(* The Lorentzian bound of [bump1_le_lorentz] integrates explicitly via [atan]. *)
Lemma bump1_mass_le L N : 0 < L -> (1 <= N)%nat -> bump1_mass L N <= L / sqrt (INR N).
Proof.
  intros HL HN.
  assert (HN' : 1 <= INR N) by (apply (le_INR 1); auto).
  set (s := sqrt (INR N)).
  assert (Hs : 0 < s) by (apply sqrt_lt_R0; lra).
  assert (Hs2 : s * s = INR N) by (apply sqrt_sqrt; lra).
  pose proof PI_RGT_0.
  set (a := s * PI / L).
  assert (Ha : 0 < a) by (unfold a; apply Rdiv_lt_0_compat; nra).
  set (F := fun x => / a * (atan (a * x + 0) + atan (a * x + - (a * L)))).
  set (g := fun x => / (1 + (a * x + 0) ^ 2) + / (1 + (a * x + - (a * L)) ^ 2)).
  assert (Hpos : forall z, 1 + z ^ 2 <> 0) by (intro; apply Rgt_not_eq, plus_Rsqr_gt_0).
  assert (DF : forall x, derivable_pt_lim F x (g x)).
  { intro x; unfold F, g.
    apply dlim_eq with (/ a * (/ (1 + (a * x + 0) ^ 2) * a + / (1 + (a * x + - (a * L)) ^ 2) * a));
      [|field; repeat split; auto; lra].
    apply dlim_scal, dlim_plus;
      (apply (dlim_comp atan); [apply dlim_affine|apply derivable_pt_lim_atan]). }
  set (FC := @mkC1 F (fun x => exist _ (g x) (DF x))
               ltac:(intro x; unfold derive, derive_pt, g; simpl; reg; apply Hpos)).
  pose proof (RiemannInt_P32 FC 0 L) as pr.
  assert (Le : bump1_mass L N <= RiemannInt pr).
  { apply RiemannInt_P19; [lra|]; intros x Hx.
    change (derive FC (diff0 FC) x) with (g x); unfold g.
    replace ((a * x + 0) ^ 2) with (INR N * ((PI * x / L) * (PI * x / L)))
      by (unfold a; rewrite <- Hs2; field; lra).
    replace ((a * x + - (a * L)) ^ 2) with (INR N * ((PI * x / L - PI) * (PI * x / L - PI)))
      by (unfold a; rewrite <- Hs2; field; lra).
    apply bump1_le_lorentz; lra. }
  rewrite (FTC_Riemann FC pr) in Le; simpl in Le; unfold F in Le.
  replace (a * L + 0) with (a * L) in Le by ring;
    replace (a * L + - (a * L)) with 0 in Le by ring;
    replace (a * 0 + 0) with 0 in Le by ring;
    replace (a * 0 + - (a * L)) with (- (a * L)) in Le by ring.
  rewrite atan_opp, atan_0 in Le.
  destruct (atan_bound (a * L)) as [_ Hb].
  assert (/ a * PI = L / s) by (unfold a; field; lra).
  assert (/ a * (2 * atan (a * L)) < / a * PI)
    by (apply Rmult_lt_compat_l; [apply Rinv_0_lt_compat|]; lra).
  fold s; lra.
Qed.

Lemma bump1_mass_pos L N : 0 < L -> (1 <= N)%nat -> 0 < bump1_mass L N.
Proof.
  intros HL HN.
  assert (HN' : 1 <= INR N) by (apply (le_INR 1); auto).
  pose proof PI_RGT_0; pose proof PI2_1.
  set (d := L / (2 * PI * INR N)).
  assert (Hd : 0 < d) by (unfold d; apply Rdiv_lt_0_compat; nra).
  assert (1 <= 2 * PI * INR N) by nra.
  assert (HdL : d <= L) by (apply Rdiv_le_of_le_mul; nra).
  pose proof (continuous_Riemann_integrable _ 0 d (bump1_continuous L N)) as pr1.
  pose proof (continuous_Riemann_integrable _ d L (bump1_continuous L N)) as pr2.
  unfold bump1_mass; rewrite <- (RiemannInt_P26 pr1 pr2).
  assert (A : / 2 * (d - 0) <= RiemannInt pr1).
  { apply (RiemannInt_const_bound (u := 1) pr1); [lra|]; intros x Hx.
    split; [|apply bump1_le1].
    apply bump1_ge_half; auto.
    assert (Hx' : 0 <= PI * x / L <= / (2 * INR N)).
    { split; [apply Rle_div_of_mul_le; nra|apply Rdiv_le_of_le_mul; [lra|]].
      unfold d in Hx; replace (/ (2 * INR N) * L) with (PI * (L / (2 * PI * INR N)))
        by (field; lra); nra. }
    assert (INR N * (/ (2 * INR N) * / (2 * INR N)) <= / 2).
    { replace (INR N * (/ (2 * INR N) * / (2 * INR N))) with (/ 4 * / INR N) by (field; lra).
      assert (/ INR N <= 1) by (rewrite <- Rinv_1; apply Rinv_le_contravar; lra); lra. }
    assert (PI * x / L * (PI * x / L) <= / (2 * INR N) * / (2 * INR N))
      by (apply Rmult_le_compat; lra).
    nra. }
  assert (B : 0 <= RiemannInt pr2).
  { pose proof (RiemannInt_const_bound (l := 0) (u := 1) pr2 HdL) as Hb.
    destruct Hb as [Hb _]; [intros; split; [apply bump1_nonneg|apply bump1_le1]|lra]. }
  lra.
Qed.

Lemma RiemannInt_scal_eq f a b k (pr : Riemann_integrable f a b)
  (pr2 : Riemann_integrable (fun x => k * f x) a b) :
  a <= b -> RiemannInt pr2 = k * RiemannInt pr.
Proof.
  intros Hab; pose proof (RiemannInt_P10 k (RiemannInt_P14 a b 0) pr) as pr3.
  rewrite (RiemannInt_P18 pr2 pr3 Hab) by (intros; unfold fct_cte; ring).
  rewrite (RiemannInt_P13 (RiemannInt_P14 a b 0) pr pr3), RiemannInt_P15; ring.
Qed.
|---|
● Exercise requirements
Nothing but a number should be given: how many lines in the records hold the word "field".

● Exercise answer
6